The latest feature at Castlehill Heritage Centre has now opened to the public. The display covers a multitude of press cuttings and general news dating back to the early 1900s including natural occurrences, social and leisure, shocks, winners and losers and more.

To find out more click HERE


Dateline: Thursday 1 February 2018

Crofting and Farming Exhibition - last chance to visit

The current exhibition in Castlehill Heritage Centre, 'Farming and Crofting' was formally opened by Iain Morris of Olrig Mains back in November 17 and has had a highly successful run. It only has a week or two to run - miss it miss out!

The exhibition offers a collection of photos and stories and the actual tools of work on and around the farm. A more inclusive title might be 'our agricultural heritage', but that belies the fact that agriculture - where our food comes from and how farmers struggle to balance 'efficiency' and 'sustainability'- two words that are hurled rather loosely from seemingly opposite camps - continue to affect us all even though we may not be aware of it.
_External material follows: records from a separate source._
(* Let $\Lambda=KQ/\langle I\rangle$ be a gentle algebra over an algebraically closed field $K$, let $\Gamma=KQ^{Aus}/\langle I^{Aus}\rangle$ be its Cohen–Macaulay Auslander algebra, and let $\Phi:\mathrm{mod}\,\Lambda\to\mathrm{mod}\,\Gamma$ be the functor described in the context. Then for every projective $\Lambda$-module $P$ the $\Gamma$-module $\Phi(P)$ is projective, and for every injective $\Lambda$-module $J$ the $\Gamma$-module $\Phi(J)$ is injective.
   Context: Conventions: arrows $\alpha:s(\alpha)\to t(\alpha)$; paths composed right to left ($\beta\alpha$ means $\alpha$ then $\beta$). A gentle algebra is a finite dimensional $\Lambda=KQ/\langle I\rangle$ where $I$ is a set of length-$2$ paths such that: each vertex is the start of at most two and the end of at most two arrows; for each arrow $\alpha$ there is at most one arrow $\beta$ with $t(\beta)=s(\alpha)$, $\alpha\beta\notin I$, at most one $\gamma$ with $s(\gamma)=t(\alpha)$, $\gamma\alpha\notin I$, at most one $\beta$ with $t(\beta)=s(\alpha)$, $\alpha\beta\in I$, and at most one $\gamma$ with $s(\gamma)=t(\alpha)$, $\gamma\alpha\in I$. Modules are finite dimensional left modules, i.e. representations of $(Q,I)$. $\mathcal{C}(\Lambda)$ is the set of repetition-free cyclic paths $\alpha_1\cdots\alpha_n$ (up to cyclic permutation) with $\alpha_i\alpha_{i+1}\in I$ for all $i$ (indices mod $n$); $Q_1^{cyc}$ is the set of arrows lying on such a cycle, $Q_1^{ncyc}=Q_1\setminus Q_1^{cyc}$. $Q^{Aus}$ has vertices $Q_0\sqcup Q_1^{cyc}$ and arrows $Q_1^{ncyc}\sqcup\{\alpha^+:s(\alpha)\to\alpha\}_{\alpha\in Q_1^{cyc}}\sqcup\{\alpha^-:\alpha\to t(\alpha)\}_{\alpha\in Q_1^{cyc}}$; $I^{Aus}=\{\beta^+\alpha^-\mid\beta\alpha\in I,\ \alpha,\beta\in Q_1^{cyc}\}\cup\{\beta\alpha\mid\beta\alpha\in I,\ \alpha,\beta\in Q_1^{ncyc}\}$; $\Gamma=KQ^{Aus}/\langle I^{Aus}\rangle$ is (isomorphic to) the Cohen–Macaulay Auslander algebra of $\Lambda$. $\Phi(M)=\widehat{M}$ has $\widehat{M}_i=M_i$ ($i\in Q_0$), $\widehat{M}_\alpha=\mathrm{Im}\,M_\alpha$ ($\alpha\in Q_1^{cyc}$), $\widehat{M}_\beta=M_\beta$ ($\beta\in Q_1^{ncyc}$), and $\widehat{M}_{\alpha^+}$, $\widehat{M}_{\alpha^-}$ the surjection $M_{s(\alpha)}\to\mathrm{Im}\,M_\alpha$ and inclusion $\mathrm{Im}\,M_\alpha\to M_{t(\alpha)}$ factoring $M_\alpha$; morphisms go to induced morphisms. *)

(* Representations of bound quivers over a field K,
   written with ROW-vector conventions: the linear map of an arrow
   a : i -> j is v |-> v *m M_a with M_a : 'M_(dim i, dim j). *)
From HB Require Import structures.
From mathcomp Require Import all_boot all_algebra.
Import GRing.Theory.
Local Open Scope ring_scope.

Record quiver := Quiver { qvert : Type; qarr : Type;
  qsrc : qarr -> qvert; qtgt : qarr -> qvert }.

(* A quiver with a set of length-2 relations: brel b a means "b a ∈ I"
   (paths composed right to left: first a, then b). *)
Record bquiver := BQuiver { bq :> quiver;
  brel : qarr bq -> qarr bq -> Prop;
  brel_comp : forall b a, brel b a -> qtgt bq a = qsrc bq b }.

Set Implicit Arguments. Unset Strict Implicit. Unset Printing Implicit Defensive.

Section Reps.
Variable K : fieldType.

Record rep (Q : quiver) := Rep { rdim : qvert Q -> nat;
  rmap : forall a : qarr Q, 'M[K]_(rdim (qsrc Q a), rdim (qtgt Q a)) }.

Variable Q : bquiver.

Definition rcomp (M : rep Q) (b a : qarr Q) (e : qtgt Q a = qsrc Q b)
  : 'M[K]_(rdim M (qsrc Q a), rdim M (qtgt Q b)) :=
  rmap M a *m castmx (congr1 (rdim M) (esym e), erefl) (rmap M b).

Definition satisfies (M : rep Q) : Prop :=
  forall b a (h : brel Q b a), rcomp M (@brel_comp Q b a h) = 0.

Definition is_hom (M N : rep Q) (f : forall i, 'M[K]_(rdim M i, rdim N i)) : Prop :=
  forall a : qarr Q, rmap M a *m f (qtgt Q a) = f (qsrc Q a) *m rmap N a.

Definition projective_rep (P : rep Q) : Prop :=
  satisfies P /\
  forall (M N : rep Q) (g : forall i, 'M[K]_(rdim M i, rdim N i))
         (f : forall i, 'M[K]_(rdim P i, rdim N i)),
    satisfies M -> satisfies N -> is_hom g -> is_hom f ->
    (forall i, row_full (g i)) ->   (* g surjective *)
    exists h : forall i, 'M[K]_(rdim P i, rdim M i),
      is_hom h /\ forall i, h i *m g i = f i.

Definition injective_rep (J : rep Q) : Prop :=
  satisfies J /\
  forall (L M : rep Q) (g : forall i, 'M[K]_(rdim L i, rdim M i))
         (f : forall i, 'M[K]_(rdim L i, rdim J i)),
    satisfies L -> satisfies M -> is_hom g -> is_hom f ->
    (forall i, row_free (g i)) ->   (* g injective *)
    exists h : forall i, 'M[K]_(rdim M i, rdim J i),
      is_hom h /\ forall i, g i *m h i = f i.
End Reps.

Section Gentle.
Variables (Q0 Q1 : finType) (s t : Q1 -> Q0).
(* I b a  <->  the length-2 path  b a  (first a, then b) lies in I *)
Variable I : rel Q1.

Definition lamQ : quiver := @Quiver Q0 Q1 s t.

Definition lamBQ (HI : forall b a, I b a -> t a = s b) : bquiver :=
  @BQuiver lamQ (fun b a => I b a) HI.

(* a path a_1 a_2 ... a_n traversed in this order (a_1 first) that is
   nonzero in KQ/<I> *)
Definition nonzero_path (p : seq Q1) : Prop :=
  forall (a b : Q1) (p1 p2 : seq Q1), p = p1 ++ a :: b :: p2 ->
    t a = s b /\ ~~ I b a.

(* KQ/<I> is finite dimensional: nonzero paths have bounded length *)
Definition fin_dim : Prop :=
  exists n : nat, forall p, nonzero_path p -> (size p < n)%N.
The logic of people who actually do the work is undeniable - a few moments handling a peat spade explains what might otherwise seem an odd shape for a spade and why it is back breaking work. The display on casks reveals that a barrel is just one of many possible casks with distinct names based on the quantity they held. A 'firkin' for example holds nine gallons.

In addition to the many photos and their associated stories on dairying and peat cutting, horses and ploughs and managing the land, the exhibition, as always, prompted conversations. Iain Morris spoke about a chapter of evictions not familiar to most of the listeners. The evocative, sometimes heavy handed evictions of poor families from their crofts in the 18th and 19th centuries is familiar to most. Not as familiar are the later evictions, not by private landlords seeking to increase the yield of their land, but by bureaucrats breaking up large farms to make small holdings. Iain and his family were evicted twice for these ill-fated schemes.

The biggest change in Iain Morris's lifetime of farming, and one reinforced by the exhibition, is a change from labour-intensive agricultural practices. While everyone is familiar with the fact that Dounreay had an enormous impact on the life in Caithness, Iain offered some specific examples that helped bring it home. In the late 1950's, a farm worker earned about £5 10 shillings. Dounreay offered £8; a welder could earn £15. To understand what those numbers mean, Iain explained that a lamb usually sold for £5 and a fleece for £5. At that time, rent was based on the value of the wool crop. Sadly today the price of wool barely exceeds the cost of the shearing, but the price of wool for knitting (almost entirely spun outside the UK) has increased markedly since those days.

As fewer families are actively engaged in and on the land, the personal stories, the direct experience, disappear. We pass by fields and do not know the stories behind them - then and now. The intriguing exhibition at Castlehill and the stories it will prompt is a good step toward making our agricultural heritage manifest again so we can all make good decisions about how we want our community managed.

The Crofting and Farming exhibition will be open for a few more weeks every Wednesday, Saturday, and Sunday from 2-4 pm.

Special arrangements can be made for school groups or interested groups of individuals - just drop us an email here and we'll see what we can do.

Do go to see the exhibition and add your stories to the ones already there!


Dateline: 31 January 2018

Winter series of Evening Talks

Unfortunately the first talk (scheduled to take place on Tuesday 16th January 2018) had to be cancelled due to extreme weather and will be rescheduled for later in the season. Watch this space for details. The talk, by Garance Warburton from the Caithness archive, will be a chance to see some of the archive material linked to Olrig Parish, and a good opportunity to see these kind of documents that are kept in the archive.

The second talk is on Tuesday 13th February and will be given by Muriel Murray. It is titled “Following the Threads of History”. This will be a fascinating glimpse into local history from Neolithic to the present through preserved fragments of textile and their ghosts!

 

The third talk will be on Tuesday 20th March and will be given by F/Lt Don Mason RAF RV(Ret). It is titled “Their Past, Your Future”. Don Mason is a WW2 veteran who took part in the war as a pilot. He has a wonderful story to tell and also an exhibition to go with the talk. He is into his nineties and has a treasury of memories.

Our fourth and AGM talk will be on Wednesday 25th April and will be given by Alan McIvor. It is a talk about Old St Peter’s Church in Thurso and the Church of Caithness. We all know the church is there but do we know much of it’s history. This will be most informative and will put the old church into context.